_REQUIREMENT_:
Copy the entries out again in full.

_DATASET_:
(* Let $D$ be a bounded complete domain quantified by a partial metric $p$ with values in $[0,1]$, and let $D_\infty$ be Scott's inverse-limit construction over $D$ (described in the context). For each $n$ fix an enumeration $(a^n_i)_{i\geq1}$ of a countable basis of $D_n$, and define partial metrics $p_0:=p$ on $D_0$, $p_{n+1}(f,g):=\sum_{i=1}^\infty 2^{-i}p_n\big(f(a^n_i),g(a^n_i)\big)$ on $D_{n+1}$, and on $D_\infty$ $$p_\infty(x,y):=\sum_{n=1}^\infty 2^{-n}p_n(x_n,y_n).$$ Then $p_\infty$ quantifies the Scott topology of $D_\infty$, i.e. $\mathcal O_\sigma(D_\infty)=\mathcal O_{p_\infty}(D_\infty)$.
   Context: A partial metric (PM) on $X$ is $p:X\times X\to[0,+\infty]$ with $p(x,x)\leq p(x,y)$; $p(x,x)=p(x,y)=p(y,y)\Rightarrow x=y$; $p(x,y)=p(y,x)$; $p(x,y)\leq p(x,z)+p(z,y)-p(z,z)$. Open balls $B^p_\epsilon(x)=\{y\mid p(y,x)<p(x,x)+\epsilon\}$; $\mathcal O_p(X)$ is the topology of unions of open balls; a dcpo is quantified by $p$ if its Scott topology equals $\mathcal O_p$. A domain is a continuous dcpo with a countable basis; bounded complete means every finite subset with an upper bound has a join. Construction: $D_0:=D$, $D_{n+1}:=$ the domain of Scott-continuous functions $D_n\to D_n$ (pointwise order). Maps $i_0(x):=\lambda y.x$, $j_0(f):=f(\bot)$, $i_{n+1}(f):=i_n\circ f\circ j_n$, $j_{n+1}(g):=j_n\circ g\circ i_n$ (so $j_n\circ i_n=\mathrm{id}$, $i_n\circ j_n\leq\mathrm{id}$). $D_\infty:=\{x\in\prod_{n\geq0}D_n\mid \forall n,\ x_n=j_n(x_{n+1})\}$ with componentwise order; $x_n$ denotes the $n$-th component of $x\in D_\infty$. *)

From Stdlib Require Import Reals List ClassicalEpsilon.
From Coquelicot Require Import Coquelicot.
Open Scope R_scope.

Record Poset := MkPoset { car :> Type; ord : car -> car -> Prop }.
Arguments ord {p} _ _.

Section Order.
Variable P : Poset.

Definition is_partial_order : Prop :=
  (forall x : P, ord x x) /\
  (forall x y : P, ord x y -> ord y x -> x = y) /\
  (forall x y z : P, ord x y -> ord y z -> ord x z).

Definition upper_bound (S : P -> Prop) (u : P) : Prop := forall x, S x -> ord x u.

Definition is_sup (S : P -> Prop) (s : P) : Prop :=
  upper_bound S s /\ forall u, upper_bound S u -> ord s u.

_YOUR SOLUTION_:
(* Let $D$ be a bounded complete domain quantified by a partial metric $p$ with values in $[0,1]$, and let $D_\infty$ be Scott's inverse-limit construction over $D$ (described in the context). For each $n$ fix an enumeration $(a^n_i)_{i\geq1}$ of a countable basis of $D_n$, and define partial metrics $p_0:=p$ on $D_0$, $p_{n+1}(f,g):=\sum_{i=1}^\infty 2^{-i}p_n\big(f(a^n_i),g(a^n_i)\big)$ on $D_{n+1}$, and on $D_\infty$ $$p_\infty(x,y):=\sum_{n=1}^\infty 2^{-n}p_n(x_n,y_n).$$ Then $p_\infty$ quantifies the Scott topology of $D_\infty$, i.e. $\mathcal O_\sigma(D_\infty)=\mathcal O_{p_\infty}(D_\infty)$.
   Context: A partial metric (PM) on $X$ is $p:X\times X\to[0,+\infty]$ with $p(x,x)\leq p(x,y)$; $p(x,x)=p(x,y)=p(y,y)\Rightarrow x=y$; $p(x,y)=p(y,x)$; $p(x,y)\leq p(x,z)+p(z,y)-p(z,z)$. Open balls $B^p_\epsilon(x)=\{y\mid p(y,x)<p(x,x)+\epsilon\}$; $\mathcal O_p(X)$ is the topology of unions of open balls; a dcpo is quantified by $p$ if its Scott topology equals $\mathcal O_p$. A domain is a continuous dcpo with a countable basis; bounded complete means every finite subset with an upper bound has a join. Construction: $D_0:=D$, $D_{n+1}:=$ the domain of Scott-continuous functions $D_n\to D_n$ (pointwise order). Maps $i_0(x):=\lambda y.x$, $j_0(f):=f(\bot)$, $i_{n+1}(f):=i_n\circ f\circ j_n$, $j_{n+1}(g):=j_n\circ g\circ i_n$ (so $j_n\circ i_n=\mathrm{id}$, $i_n\circ j_n\leq\mathrm{id}$). $D_\infty:=\{x\in\prod_{n\geq0}D_n\mid \forall n,\ x_n=j_n(x_{n+1})\}$ with componentwise order; $x_n$ denotes the $n$-th component of $x\in D_\infty$. *)

From Stdlib Require Import Reals List ClassicalEpsilon.
From Coquelicot Require Import Coquelicot.
Open Scope R_scope.

Record Poset := MkPoset { car :> Type; ord : car -> car -> Prop }.
Arguments ord {p} _ _.

Section Order.
Variable P : Poset.

Definition is_partial_order : Prop :=
  (forall x : P, ord x x) /\
  (forall x y : P, ord x y -> ord y x -> x = y) /\
  (forall x y z : P, ord x y -> ord y z -> ord x z).

Definition upper_bound (S : P -> Prop) (u : P) : Prop := forall x, S x -> ord x u.

Definition is_sup (S : P -> Prop) (s : P) : Prop :=
  upper_bound S s /\ forall u, upper_bound S u -> ord s u.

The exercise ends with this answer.